**What you are asked to do:**
Your output should be the lines of the entries below, exactly, from the first one through the line that holds "[&& is_subgraph e".
--- Information supplied Enclosed Below ---
(* Let $T$ be a tree on $n\ge3$ vertices, let $M$ be its order-$4$ Steiner distance hypermatrix, and let $A=\frac{2}{n}J_n-I_n$. Define the order-$4$ multilinear forms $C_1(\mathbf{x}_1,\mathbf{x}_2,\mathbf{x}_3,\mathbf{x}_4)=M(\mathbf{x}_1,\mathbf{x}_2,\mathbf{x}_3,A\mathbf{x}_4)$ and $C_3(\mathbf{x}_1,\mathbf{x}_2,\mathbf{x}_3,\mathbf{x}_4)=M(\mathbf{x}_1,A\mathbf{x}_2,A\mathbf{x}_3,A\mathbf{x}_4)$. Then $C_1+C_3$ is positive definite: $(C_1+C_3)(\mathbf{v},\mathbf{v},\mathbf{v},\mathbf{v})>0$ for every nonzero $\mathbf{v}\in\mathbb{R}^n$.
   Context: $T$ is a tree with vertex set $\{1,\dots,n\}$. For $U\subseteq V(T)$, the Steiner distance $S(U)$ is the minimum number of edges of a connected subgraph of $T$ whose vertex set contains $U$. The order-$4$ Steiner distance hypermatrix $M$ has entries $M_{(i_1,\dots,i_4)}=S(\{i_1,\dots,i_4\})$, and $M(\mathbf{x}_1,\dots,\mathbf{x}_4)=\sum_{\mathbf{i}\in V(T)^4}M_{\mathbf{i}}\prod_{j=1}^4 x_{j i_j}$. $J_n$ is the $n\times n$ all-ones matrix and $I_n$ the identity matrix. *)

From HB Require Import structures.
From mathcomp Require Import all_boot all_order all_algebra.
Set Implicit Arguments. Unset Strict Implicit. Unset Printing Implicit Defensive.
Import Order.TTheory GRing.Theory Num.Theory.

Definition simple_graph n (e : rel 'I_n) : Prop :=
  symmetric e /\ irreflexive e.

Definition connected_graph n (e : rel 'I_n) : Prop :=
  forall x y : 'I_n, connect e x y.

Definition acyclic_graph n (e : rel 'I_n) : Prop :=
  forall c : seq 'I_n, 3 <= size c -> ~~ ucycleb e c.

Definition is_tree n (e : rel 'I_n) : Prop :=
  [/\ simple_graph e, connected_graph e & acyclic_graph e].

Definition is_subgraph n (e : rel 'I_n) (W : {set 'I_n}) (F : {set {set 'I_n}}) : bool :=
  [forall f in F, (f \subset W) &&
     [exists x, exists y, (x != y) && e x y && (f == [set x; y])]].

Definition subgraph_adj n (W : {set 'I_n}) (F : {set {set 'I_n}}) : rel 'I_n :=
  fun x y => [&& x \in W, y \in W & [set x; y] \in F].

Definition subgraph_connected n (W : {set 'I_n}) (F : {set {set 'I_n}}) : bool :=
  [forall x in W, forall y in W, connect (subgraph_adj W F) x y].

Definition steiner_feasible n (e : rel 'I_n) (U W : {set 'I_n}) (F : {set {set 'I_n}}) : bool :=
  [&& is_subgraph e W F, subgraph_connected W F & U \subset W].

(* The default value n of the minimum is never
   attained for a connected graph (a spanning tree has n-1 < n edges). *)
Definition steiner n (e : rel 'I_n) (U : {set 'I_n}) : nat :=
  \big[minn/n]_(W : {set 'I_n})
    \big[minn/n]_(F : {set {set 'I_n}} | steiner_feasible e U W F) #|F|.

Local Open Scope ring_scope.

Definition steiner_form (R : ringType) n (e : rel 'I_n)
    (x1 x2 x3 x4 : 'cV[R]_n) : R :=
  \sum_(i1 < n) \sum_(i2 < n) \sum_(i3 < n) \sum_(i4 < n)
    (steiner e [set i1; i2; i3; i4])%:R
      * x1 i1 0 * x2 i2 0 * x3 i3 0 * x4 i4 0.

Definition matA (R : fieldType) n : 'M[R]_n :=
  (2 / n%:R) *: const_mx 1 - 1%:M.

Definition C1 (R : fieldType) n (e : rel 'I_n) (x1 x2 x3 x4 : 'cV[R]_n) : R :=
  steiner_form e x1 x2 x3 (matA R n *m x4).

Definition C3 (R : fieldType) n (e : rel 'I_n) (x1 x2 x3 x4 : 'cV[R]_n) : R :=
  steiner_form e x1 (matA R n *m x2) (matA R n *m x3) (matA R n *m x4).

(* In a tree, a minimum connected subgraph containing U consists exactly of the
   edges separating U, so the Steiner distance of U counts those edges.  The
   Steiner form therefore splits into a sum over edges: an edge with components
   L and ~: L contributes the product of the four totals minus the products of
   the masses on L and on ~: L.  The matrix A = (2/n) J - I preserves the total s
   and sends the mass a of L to 2 s t - a, where t = |L|/n lies strictly between
   0 and 1; the contribution of each edge to C1 + C3 then becomes
   2 s^4 (1 - t^4 - (1 - t)^4) + 4 (a - s t)^4.  All of these vanish only when
   s = 0 and every side mass vanishes, which forces v = 0. *)

From HB Require Import structures.
From mathcomp Require Import all_boot all_order all_algebra.
From mathcomp Require Import ring.
Import Order.TTheory GRing.Theory Num.Theory.
Set Implicit Arguments. Unset Strict Implicit. Unset Printing Implicit Defensive.

Lemma connect_stable (T : finType) (r : rel T) (S : pred T) a b :
  (forall u w, S u -> r u w -> S w) -> S a -> connect r a b -> S b.
Proof.
move=> stS + /connectP[p + ->]; elim: p a => //= c p IHp a Sa /andP[rac pc].
exact: IHp (stS _ _ Sa rac) pc.
Qed.

Lemma set2_eqP (T : finType) (a b x y : T) :
  [set a; b] = [set x; y] -> (a = x /\ b = y) \/ (a = y /\ b = x).
Proof.
move=> eq2; have /set2P[] : a \in [set x; y] by rewrite -eq2 set21.
all: have /set2P[] : b \in [set x; y] by rewrite -eq2 set22.
all: have /set2P[] : x \in [set a; b] by rewrite eq2 set21.
all: have /set2P[] : y \in [set a; b] by rewrite eq2 set22.
all: by move=> *; subst; auto.
Qed.

Lemma steiner_le_feasible n (e : rel 'I_n) U W F :
  steiner_feasible e U W F -> (steiner e U <= #|F|)%N.
Proof.
move=> feas; rewrite /steiner -minEnat.
apply: leq_trans (@bigmin_le _ nat _ _ W _) _; exact: (@bigmin_le_cond _ nat).
Qed.

Lemma steiner_ge n (e : rel 'I_n) U m : (m <= n)%N ->
  (forall W F, steiner_feasible e U W F -> m <= #|F|)%N -> (m <= steiner e U)%N.
Proof.
move=> mn mF; rewrite /steiner -minEnat.
by apply: (@le_bigmin _ nat) => // W _; apply: (@le_bigmin _ nat) => // F /mF.
Qed.

Definition splits (T : finType) (L U : {set T}) :=
  (U :&: L != set0) && (U :&: ~: L != set0).

Section Tree.
Variables (n : nat) (e : rel 'I_n).
Hypothesis tree_e : is_tree e.

Lemma tree_sym : symmetric e. Proof. by case: tree_e => [[]]. Qed.
Lemma tree_irr : irreflexive e. Proof. by case: tree_e => [[]]. Qed.
Lemma tree_connect x y : connect e x y. Proof. by case: tree_e => _ /(_ x y). Qed.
--- End of Enclosed Information supplied ---
**Your solution:**
(* Let $T$ be a tree on $n\ge3$ vertices, let $M$ be its order-$4$ Steiner distance hypermatrix, and let $A=\frac{2}{n}J_n-I_n$. Define the order-$4$ multilinear forms $C_1(\mathbf{x}_1,\mathbf{x}_2,\mathbf{x}_3,\mathbf{x}_4)=M(\mathbf{x}_1,\mathbf{x}_2,\mathbf{x}_3,A\mathbf{x}_4)$ and $C_3(\mathbf{x}_1,\mathbf{x}_2,\mathbf{x}_3,\mathbf{x}_4)=M(\mathbf{x}_1,A\mathbf{x}_2,A\mathbf{x}_3,A\mathbf{x}_4)$. Then $C_1+C_3$ is positive definite: $(C_1+C_3)(\mathbf{v},\mathbf{v},\mathbf{v},\mathbf{v})>0$ for every nonzero $\mathbf{v}\in\mathbb{R}^n$.
   Context: $T$ is a tree with vertex set $\{1,\dots,n\}$. For $U\subseteq V(T)$, the Steiner distance $S(U)$ is the minimum number of edges of a connected subgraph of $T$ whose vertex set contains $U$. The order-$4$ Steiner distance hypermatrix $M$ has entries $M_{(i_1,\dots,i_4)}=S(\{i_1,\dots,i_4\})$, and $M(\mathbf{x}_1,\dots,\mathbf{x}_4)=\sum_{\mathbf{i}\in V(T)^4}M_{\mathbf{i}}\prod_{j=1}^4 x_{j i_j}$. $J_n$ is the $n\times n$ all-ones matrix and $I_n$ the identity matrix. *)

From HB Require Import structures.
From mathcomp Require Import all_boot all_order all_algebra.
Set Implicit Arguments. Unset Strict Implicit. Unset Printing Implicit Defensive.
Import Order.TTheory GRing.Theory Num.Theory.

Definition simple_graph n (e : rel 'I_n) : Prop :=
  symmetric e /\ irreflexive e.

Definition connected_graph n (e : rel 'I_n) : Prop :=
  forall x y : 'I_n, connect e x y.

Definition acyclic_graph n (e : rel 'I_n) : Prop :=
  forall c : seq 'I_n, 3 <= size c -> ~~ ucycleb e c.

Definition is_tree n (e : rel 'I_n) : Prop :=
  [/\ simple_graph e, connected_graph e & acyclic_graph e].

Definition is_subgraph n (e : rel 'I_n) (W : {set 'I_n}) (F : {set {set 'I_n}}) : bool :=
  [forall f in F, (f \subset W) &&
     [exists x, exists y, (x != y) && e x y && (f == [set x; y])]].

Definition subgraph_adj n (W : {set 'I_n}) (F : {set {set 'I_n}}) : rel 'I_n :=
  fun x y => [&& x \in W, y \in W & [set x; y] \in F].

Definition subgraph_connected n (W : {set 'I_n}) (F : {set {set 'I_n}}) : bool :=
  [forall x in W, forall y in W, connect (subgraph_adj W F) x y].

Definition steiner_feasible n (e : rel 'I_n) (U W : {set 'I_n}) (F : {set {set 'I_n}}) : bool :=
  [&& is_subgraph e W F, subgraph_connected W F & U \subset W].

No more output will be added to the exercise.